In 1900 I went to the woods and secured about fifty plants of various sizes and set them in the shade of some peach and plum trees in a very fertile spot. They came up in 1901, that is, part of them did, but the chickens had access to them and soon destroyed the most of them, that is, the tops.
In 1902 only a few bunches came up, and through neglect (for I never gave them any care) the weeds choked them and they did no good. In 1903 the spirit of Ginseng growing was revived in me and I prepared suitable beds, shade and soil, and went to work in earnest. I secured several more plants and reset those that I had been trying to grow without care. In 1904 my plants came up nicely. I also secured several hundred more plants and set them in my garden.
The plants grew well and I harvested about 1,000 seed in the fall.

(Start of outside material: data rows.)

(* Let $P$ be a finite poset. Then $N_{diag}(S_N(P))=A(P)$.
   Context: For a poset $P$, $x\prec y$ means $x<y$ with no $z$ satisfying $x<z<y$; $\mathrm{Diag}(P)$ is the set of covering pairs $(x,y)$, and $\mathrm{Inc}(P)$ the set of pairs of incomparable elements. Four elements $a,b,c,d$ form an $N$ in $P$ if $b\prec c$, $a\prec c$, $b\prec d$ and $(a,d)\in\mathrm{Inc}(P)$; $(b,c)$ is the diagonal edge of this $N$. $N_{diag}(P)$ is the set of diagonal edges of all $N$'s in $P$. $S_N(P)$ is the poset obtained from $P$ by adding one new (dummy) vertex $u$ on each edge $(b,c)\in N_{diag}(P)$ (so that $b\prec u\prec c$), with the induced order. $A(P)$ is the set of pairs $(b,c)\in\mathrm{Diag}(P)\setminus N_{diag}(P)$ for which there exist $a,d\in P$ with $a<c$, $b<d$, $(a,b),(c,d)\in\mathrm{Inc}(P)$, and either $(a,c)\in N_{diag}(P)$ or $(b,d)\in N_{diag}(P)$. *)

From mathcomp Require Import all_boot.
Set Implicit Arguments. Unset Strict Implicit. Unset Printing Implicit Defensive.

Section PosetNotions.
Variables (X : Type) (le : X -> X -> Prop).

Definition is_poset : Prop :=
  (forall x, le x x) /\
  (forall x y, le x y -> le y x -> x = y) /\
  (forall x y z, le x y -> le y z -> le x z).

Definition plt (x y : X) : Prop := le x y /\ x <> y.

Definition covers (x y : X) : Prop :=
  plt x y /\ ~ (exists z, plt x z /\ plt z y).

Definition incomp (x y : X) : Prop := ~ le x y /\ ~ le y x.

Definition isN (a b c d : X) : Prop :=
  covers b c /\ covers a c /\ covers b d /\ incomp a d.

Definition Ndiag (b c : X) : Prop := exists a d, isN a b c d.

Definition Aset (b c : X) : Prop :=
  covers b c /\ ~ Ndiag b c /\
  exists a d, plt a c /\ plt b d /\ incomp a b /\ incomp c d /\
              (Ndiag a c \/ Ndiag b d).

End PosetNotions.

(* S_N(P): the elements of P (inl) plus one dummy vertex (inr) for each
   edge (b,c) ∈ N_diag(P). *)
Definition SN_carrier (T : Type) (le : T -> T -> Prop) : Type :=
  (T + {p : T * T | Ndiag le p.1 p.2})%type.

(* The induced order: the order generated by le together with b < u < c
   for the dummy u on (b,c). *)
Definition SN_le (T : Type) (le : T -> T -> Prop) (x y : SN_carrier le) : Prop :=
  match x, y with
  | inl x', inl y' => le x' y'
  | inl x', inr u => le x' (sval u).1
  | inr u, inl y' => le (sval u).2 y'
  | inr u, inr v => u = v \/ le (sval u).2 (sval v).1
  end.

From mathcomp Require Import all_boot.
From Stdlib Require Import Classical ClassicalEpsilon Wf_nat.
Set Implicit Arguments. Unset Strict Implicit. Unset Printing Implicit Defensive.

(* An element of S_N(P) occupies an interval [lo, hi] of P: a point of P, or
   the two ends of the subdivided edge, and x <= y in S_N(P) iff x = y or
   hi x <= lo y.  Hence the covers of S_N(P) are the two halves of each
   subdivided edge and the covers of P outside N_diag(P).  A dummy vertex has
   a single upper and a single lower cover, so it is never an end of the
   diagonal of an N, which must have two of each.  An N on an edge (b,c) of P
   consists of a lower cover a of c and an upper cover d of b in P; if neither
   (a,c) nor (b,d) were subdivided it would already be an N of P, and
   subdividing one of them is exactly what makes a and d incomparable.  This
   is A(P), once its witnesses are shrunk to covers, which finiteness allows. *)

Section Covers.
Variables (X : Type) (le : X -> X -> Prop).

Definition Aset_cov (b c : X) : Prop :=
  covers le b c /\ ~ Ndiag le b c /\
  exists a d, covers le a c /\ covers le b d /\ a <> b /\ c <> d /\
              (Ndiag le a c \/ Ndiag le b d).

Lemma Ndiag_covers b c : Ndiag le b c -> covers le b c.
Proof. by case=> a [d []]. Qed.

Lemma covers_incomp_lower a b c :
  covers le a c -> covers le b c -> a <> b -> incomp le a b.
Proof.
move=> [pac hac] [pbc hbc] nab; split=> hle.
  by apply: hac; exists b.
by apply: hbc; exists a; split=> //; split=> // eba; apply: nab.
Qed.

Lemma covers_incomp_upper b c d :
  covers le b c -> covers le b d -> c <> d -> incomp le c d.
Proof.
move=> [pbc hbc] [pbd hbd] ncd; split=> hle.
  by apply: hbd; exists c; split=> //; split=> // ecd; apply: ncd.
by apply: hbc; exists d; split=> //; split=> // edc; apply: ncd.
Qed.

Lemma isN_neq_lower a b c d : isN le a b c d -> a <> b.
Proof. by move=> [_ [_ [[[hbd _] _] [nad _]]]] eab; apply: nad; rewrite eab. Qed.

Lemma isN_neq_upper a b c d : isN le a b c d -> c <> d.
Proof. by move=> [_ [[[hac _] _] [_ [nad _]]]] ecd; apply: nad; rewrite -ecd. Qed.

Hypothesis hP : is_poset le.

Lemma poset_refl x : le x x. Proof. by case: hP. Qed.

Lemma poset_anti x y : le x y -> le y x -> x = y.
Proof. by case: hP => _ [+ _]; apply. Qed.

Lemma poset_trans x y z : le x y -> le y z -> le x z.
Proof. by case: hP => _ [_]; apply. Qed.

Lemma plt_nge x y : plt le x y -> ~ le y x.
Proof. by move=> [hxy nxy] hyx; apply: nxy; apply: poset_anti. Qed.

Lemma le_plt_trans x y z : le x y -> plt le y z -> plt le x z.
Proof.
move=> hxy [hyz nyz]; split; first exact: poset_trans hxy hyz.
by move=> exz; apply: nyz; apply: poset_anti hyz _; rewrite -exz.
Qed.

Lemma plt_le_trans x y z : plt le x y -> le y z -> plt le x z.
Proof.
move=> [hxy nxy] hyz; split; first exact: poset_trans hxy hyz.
by move=> exz; apply: nxy; apply: poset_anti hxy _; rewrite exz.
Qed.

Lemma covers_interval b c x y :
  covers le b c -> le b x -> plt le x y -> le y c -> x = b /\ y = c.
Proof.
move=> [_ hbc] hbx hxy hyc; split; apply: NNPP => ne; apply: hbc.
  exists x; split; first by split=> // ebx; apply: ne.
  exact: plt_le_trans hxy hyc.
exists y; split; first exact: le_plt_trans hbx hxy.
by split=> // eyc; apply: ne.
Qed.

Lemma covers_upper_nle_lower a b c d :
  covers le b c -> covers le a c -> covers le b d -> ~ le d a.
Proof.
move=> [_ hbc] [hac _] [hbd _] hda; apply: hbc.
by exists d; split=> //; apply: le_plt_trans hda hac.
Qed.

End Covers.

Lemma exists_minimal (X : Type) (R : X -> X -> Prop) (P : X -> Prop) x :
  well_founded R -> P x -> exists m, P m /\ forall z, P z -> ~ R z m.
Proof.
move=> wfR; elim/(well_founded_ind wfR): x => x IH Px.
case: (classic (exists z, P z /\ R z x)) => [[z [Pz Rzx]]|none].
  exact: IH Rzx Pz.
by exists x; split=> // z Pz Rzx; apply: none; exists z.
Qed.

(* The number of predecessors strictly decreases along [R]. *)
Lemma finite_strict_wf (X : finType) (R : X -> X -> Prop) :
  (forall x y z, R x y -> R y z -> R x z) -> (forall x, ~ R x x) ->
  well_founded R.
Proof.
move=> Rtrans Rirr.
pose below x := [pred z | excluded_middle_informative (R z x)].
apply: (@well_founded_lt_compat X (fun x => #|below x|)) => x y Rxy.
apply/ltP/proper_card/properP; split.
  by apply/subsetP => z /sumboolP Rzx; apply/sumboolP; apply: Rtrans Rzx Rxy.
by exists x; [apply/sumboolP | apply/negP => /sumboolP/Rirr].
Qed.

Section FiniteCovers.
Variables (T : finType) (le : T -> T -> Prop) (hP : is_poset le).

Lemma plt_wf : well_founded (plt le).
Proof.
apply: finite_strict_wf; last by move=> x [].
by move=> x y z hxy /(le_plt_trans hP (proj1 hxy)).
Qed.

Lemma plt_converse_wf : well_founded (fun x y => plt le y x).
Proof.
apply: finite_strict_wf; last by move=> x [].
by move=> x y z hyx hzy; exact: (le_plt_trans hP (proj1 hzy) hyx).
Qed.

Lemma exists_cover_above x y : plt le x y -> exists z, covers le x z /\ le z y.
Proof.
move=> hxy.
have [m [[hxm hmy] minm]] := exists_minimal (P := fun z => plt le x z /\ le z y)
  plt_wf (conj hxy (poset_refl hP y)).
exists m; split=> //; split=> // -[w [hxw [hwm nwm]]].
by apply: (minm w); split=> //; exact: (poset_trans hP hwm hmy).
Qed.

Lemma exists_cover_below x y : plt le x y -> exists z, le x z /\ covers le z y.
Proof.
move=> hxy.
have [m [[hxm hmy] maxm]] := exists_minimal (P := fun z => le x z /\ plt le z y)
  plt_converse_wf (conj (poset_refl hP x) hxy).
exists m; split=> //; split=> // -[w [[hmw nmw] hwy]].
by apply: (maxm w); split=> //; exact: (poset_trans hP hxm hmw).
Qed.

Lemma Aset_covP b c : Aset le b c <-> Aset_cov le b c.
Proof.
split; last first.
  case=> hbc [nbc [a [d [hac [hbd [nab [ncd hN]]]]]]].
  split=> //; split=> //; exists a, d; split; first by case: hac.
  split; first by case: hbd.
  split; first exact: covers_incomp_lower hac hbc nab.
  by split=> //; apply: covers_incomp_upper hbc hbd ncd.
case=> hbc [nbc [a [d [pac [pbd [iab [icd [hNac|hNbd]]]]]]]].
  have [d' [hbd' hd'd]] := exists_cover_above pbd.
  split=> //; split=> //; exists a, d'; split; first exact: Ndiag_covers.
  split=> //; split; first by move=> eab; apply: iab.1; rewrite eab; apply: poset_refl.
  by split; [move=> ecd; apply: icd.1; rewrite ecd | left].
have [a' [haa' ha'c]] := exists_cover_below pac.
split=> //; split=> //; exists a', d; split=> //; split; first exact: Ndiag_covers.
split; first by move=> eab; apply: iab.1; rewrite -eab.
by split; [move=> ecd; apply: icd.1; rewrite ecd; apply: poset_refl | right].
Qed.

End FiniteCovers.

Section Subdivision.
Variables (T : Type) (le : T -> T -> Prop) (hP : is_poset le).

Notation Q := (SN_carrier le).
Notation leQ := (@SN_le T le).

Definition SN_lo (x : Q) : T := match x with inl y => y | inr u => (sval u).1 end.
Definition SN_hi (x : Q) : T := match x with inl y => y | inr u => (sval u).2 end.

Lemma SN_leE x y : leQ x y <-> x = y \/ le (SN_hi x) (SN_lo y).
Proof.
case: x => [x|u]; case: y => [y|v] /=; split=> [|[e|]] //; try by right.
- by case: e => ->; apply: poset_refl.
- by case=> [->|]; [left | right].
- by case: e; left.
Qed.

Lemma SN_ltE x y : plt leQ x y <-> x <> y /\ le (SN_hi x) (SN_lo y).
Proof.
rewrite /plt SN_leE.
by split=> [[[exy|hxy] nxy]|[nxy hxy]]; [case: (nxy exy) | | split; [right|]].
Qed.

Lemma SN_shape z : z = inl (SN_lo z) \/ Ndiag le (SN_lo z) (SN_hi z).
Proof. by case: z => [a|[[b c] hN]]; [left | right]. Qed.

Lemma SN_pinched z p : le p (SN_lo z) -> le (SN_hi z) p -> z = inl p.
Proof.
move=> hpz hzp; case: (SN_shape z) => [ez|hN].
  by rewrite ez /= in hzp *; congr inl; exact: (poset_anti hP).
have [hz _] := Ndiag_covers hN.
by case: (plt_nge hP hz); exact: (poset_trans hP hzp hpz).
Qed.

Lemma covers_SN_inl b c :
  covers leQ (inl b) (inl c) <-> covers le b c /\ ~ Ndiag le b c.
Proof.
split.
  move=> [/SN_ltE [nbc hbc] hno]; split.
    split; first by split=> // ebc; apply: nbc; rewrite ebc.
    move=> [z [[hbz nbz] [hzc nzc]]]; apply: hno; exists (inl z).
    by split; apply/SN_ltE; split=> //= -[].
  move=> hN; apply: hno; exists (inr (exist _ (b, c) hN)).
  by split; apply/SN_ltE; split=> //; apply: poset_refl.
move=> [hbc nbc]; have [[lbc neq_bc] hno] := hbc; split.
  by apply/SN_ltE; split=> // -[].
move=> [z [/SN_ltE [nbz hbz] /SN_ltE [nzc hzc]]].
case: (SN_shape z) => [ez|hN].
  rewrite ez /= in nbz nzc hbz hzc; apply: hno; exists (SN_lo z).
  by split; split=> // e; [apply: nbz | apply: nzc]; rewrite e.
have [elo ehi] := covers_interval hP hbc hbz (proj1 (Ndiag_covers hN)) hzc.
by apply: nbc; rewrite -elo -ehi.
Qed.

Lemma covers_SN_from_dummy u y : covers leQ (inr u) y <-> y = inl (sval u).2.
Proof.
split=> [[/SN_ltE [_ huy] hno]|->].
  apply: NNPP => ny; apply: hno; exists (inl (sval u).2).
  by split; apply/SN_ltE; split=> //=; [apply: poset_refl | apply: nesym].
split; first by apply/SN_ltE; split=> //; apply: poset_refl.
move=> [z [/SN_ltE [_ huz] /SN_ltE [nz hz]]].
by apply: nz; apply: SN_pinched.
Qed.

Lemma covers_SN_to_dummy x u : covers leQ x (inr u) <-> x = inl (sval u).1.
Proof.
split=> [[/SN_ltE [_ hxu] hno]|->].
  apply: NNPP => nx; apply: hno; exists (inl (sval u).1).
  by split; apply/SN_ltE; split=> //=; apply: poset_refl.
split; first by apply/SN_ltE; split=> //; apply: poset_refl.
move=> [z [/SN_ltE [nz hz] /SN_ltE [_ hzu]]].
by apply: nz; rewrite (SN_pinched hz hzu).
Qed.

Lemma lower_cover_SN A c :
  covers leQ A (inl c) -> exists2 a, covers le a c & A = inl a \/ Ndiag le a c.
Proof.
case: A => [a /covers_SN_inl [hac _]|[[a q] hN] /covers_SN_from_dummy [->]].
  by exists a; [| left].
by exists a; [apply: Ndiag_covers | right].
Qed.

Lemma upper_cover_SN b D :
  covers leQ (inl b) D -> exists2 d, covers le b d & D = inl d \/ Ndiag le b d.
Proof.
case: D => [d /covers_SN_inl [hbd _]|[[p d] hN] /covers_SN_to_dummy [->]].
  by exists d; [| left].
by exists d; [apply: Ndiag_covers | right].
Qed.

Lemma Ndiag_SN_inl x y : Ndiag leQ x y -> exists b c, x = inl b /\ y = inl c.
Proof.
move=> [A [D hN]]; have [hxy [hAy [hxD _]]] := hN.
case: x hN hxy hxD => [b|u] hN hxy hxD; last first.
  move/covers_SN_from_dummy: hxy => ey; move/covers_SN_from_dummy: hxD => eD.
  by case: (isN_neq_upper hN); rewrite ey eD.
case: y hN hxy hAy => [c|u] hN hxy hAy; first by exists b, c.
move/covers_SN_to_dummy: hxy => eb; move/covers_SN_to_dummy: hAy => eA.
by case: (isN_neq_lower hN); rewrite eA eb.
Qed.

Lemma Ndiag_SN_Aset_cov b c : Ndiag leQ (inl b) (inl c) -> Aset_cov le b c.
Proof.
move=> [A [D hN]]; have [/covers_SN_inl [hbc nbc] [hAc [hbD hAD]]] := hN.
have [a hac sA] := lower_cover_SN hAc; have [d hbd sD] := upper_cover_SN hbD.
split=> //; split=> //; exists a, d; do 2!split=> //; split.
  move=> eab; case: sA => [eA|]; last by rewrite eab.
  by apply: (isN_neq_lower hN); rewrite eA eab.
split.
  move=> ecd; case: sD => [eD|]; last by rewrite -ecd.
  by apply: (isN_neq_upper hN); rewrite eD ecd.
apply: NNPP => /not_or_and [nNa nNd]; apply: nbc; exists a, d.
case: sA => [eA|//]; case: sD => [eD|//]; rewrite eA eD in hAD.
exact: (conj hbc (conj hac (conj hbd hAD))).
Qed.

Definition lift_lower (a c : T) : Q :=
  match excluded_middle_informative (Ndiag le a c) with
  | left hN => inr (exist _ (a, c) hN)
  | right _ => inl a
  end.

Definition lift_upper (b d : T) : Q :=
  match excluded_middle_informative (Ndiag le b d) with
  | left hN => inr (exist _ (b, d) hN)
  | right _ => inl d
  end.

Lemma covers_lift_lower a c : covers le a c -> covers leQ (lift_lower a c) (inl c).
Proof.
rewrite /lift_lower; case: excluded_middle_informative => hN hac.
  exact/covers_SN_from_dummy.
exact/covers_SN_inl.
Qed.

Lemma covers_lift_upper b d : covers le b d -> covers leQ (inl b) (lift_upper b d).
Proof.
rewrite /lift_upper; case: excluded_middle_informative => hN hbd.
  exact/covers_SN_to_dummy.
exact/covers_SN_inl.
Qed.

Lemma incomp_lifts a b c d :
  covers le b c -> covers le a c -> covers le b d -> a <> b -> c <> d ->
  Ndiag le a c \/ Ndiag le b d -> incomp leQ (lift_lower a c) (lift_upper b d).
Proof.
move=> hbc hac hbd nab ncd hN.
have [nle_ab _] := covers_incomp_lower hac hbc nab.
have [nle_cd _] := covers_incomp_upper hbc hbd ncd.
have nle_da := covers_upper_nle_lower hP hbc hac hbd.
have nle_cb := plt_nge hP (proj1 hbc).
rewrite /lift_lower /lift_upper.
case: excluded_middle_informative => hNa; case: excluded_middle_informative => hNd //=.
- by split=> -[e|] //; apply: nab; case: e.
- by case: hN.
Qed.

Lemma Aset_cov_Ndiag_SN b c : Aset_cov le b c -> Ndiag leQ (inl b) (inl c).
Proof.
move=> [hbc [nbc [a [d [hac [hbd [nab [ncd hN]]]]]]]].
exists (lift_lower a c), (lift_upper b d); split; first exact/covers_SN_inl.
split; first exact: covers_lift_lower.
by split; [apply: covers_lift_upper | apply: incomp_lifts].
Qed.

End Subdivision.

Theorem lemma3 (T : finType) (le : T -> T -> Prop) (hP : is_poset le) :
  forall x y : SN_carrier le,
    Ndiag (@SN_le T le) x y <->
    exists b c : T, x = inl b /\ y = inl c /\ Aset le b c.
Proof.
move=> x y; split.
  move=> hN; have [b [c [ex ey]]] := Ndiag_SN_inl hP hN.
  rewrite ex ey in hN; exists b, c; split=> //; split=> //.
  exact/(Aset_covP hP)/(Ndiag_SN_Aset_cov hP).
move=> [b [c [-> [-> /(Aset_covP hP) hA]]]].
exact: Aset_cov_Ndiag_SN.
Qed.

Several Ginseng gardens were injured by a disease that seemed to scald the leaves and then the stalk became affected. In a short time the whole top of the plant died, but the root remained alive. My Ginseng was not affected in this way, or at least I did not notice it.
In 1905 I had a nice lot of plants appear and they grew nicely for a while, and as I was showing a neighbor thru the garden he pointed out the appearance of the disease that had affected most of the gardens in this county the previous year, and was killing the tops off of all the Ginseng in them this year. I began at once to fight for the lives of my plants by cutting off all affected parts and burning them.
I also took a watering pot and sprinkled the plants with Bordeaux Mixture. This seemed to help, and but few of the plants died outright.
I harvested several thousand seed. I placed the seed in a box of moist sand and placed them in the cellar and about one-third of them were germinated by the following spring, and there was not another garden in this vicinity, to my knowledge, that secured any seed. This fact caused me to think that spraying with Bordeaux Mixture would check the disease. It was certain that if the disease could not be prevented or quit of its own accord, Ginseng could not be grown in this county.
In 1906 my plants came up nicely and grew as in the previous season.
I noticed the disease on some of the plants about the last of May so I began removing the affected parts, also to sprinkle with Bordeaux Mixture with about the same results as the year before. In the fall I harvested about twelve or fifteen thousand seed.
I might say here that I sprinkled the plants about every two or three weeks. I raised the only seed that was harvested in this vicinity, and most all the large ”seng” was dried and sold out of their gardens.
Early in 1907 I secured a compressed air sprayer, for I had come to the conclusion that spraying would be lots better than sprinkling. On the appearance of the first plants in the spring I began spraying and sprayed every week or ten days until about the first of September. I saved the life of most of my plants.
For an experiment I left about five feet of one bed of two-year-old plants unsprayed. It grew nicely until about the 10th of June, then the disease struck it, and in about two or three weeks it was about all dead, while the remainder that was sprayed lived thru till frost, and many of them bore seed. I harvested about 20,000 seed in the fall.
I believe if I had not persisted in the spraying I would not have harvested one fully matured seed, for none of my neighbors secured any. In September, 1906, I dug one bed of large roots thinly set on a bed 4x16 feet which netted me $8.49.
In September, 1907, I dug a bed 4x20 feet which netted me $19.31.
This is my experience. Of course I have omitted method of preparing beds, shade, etc.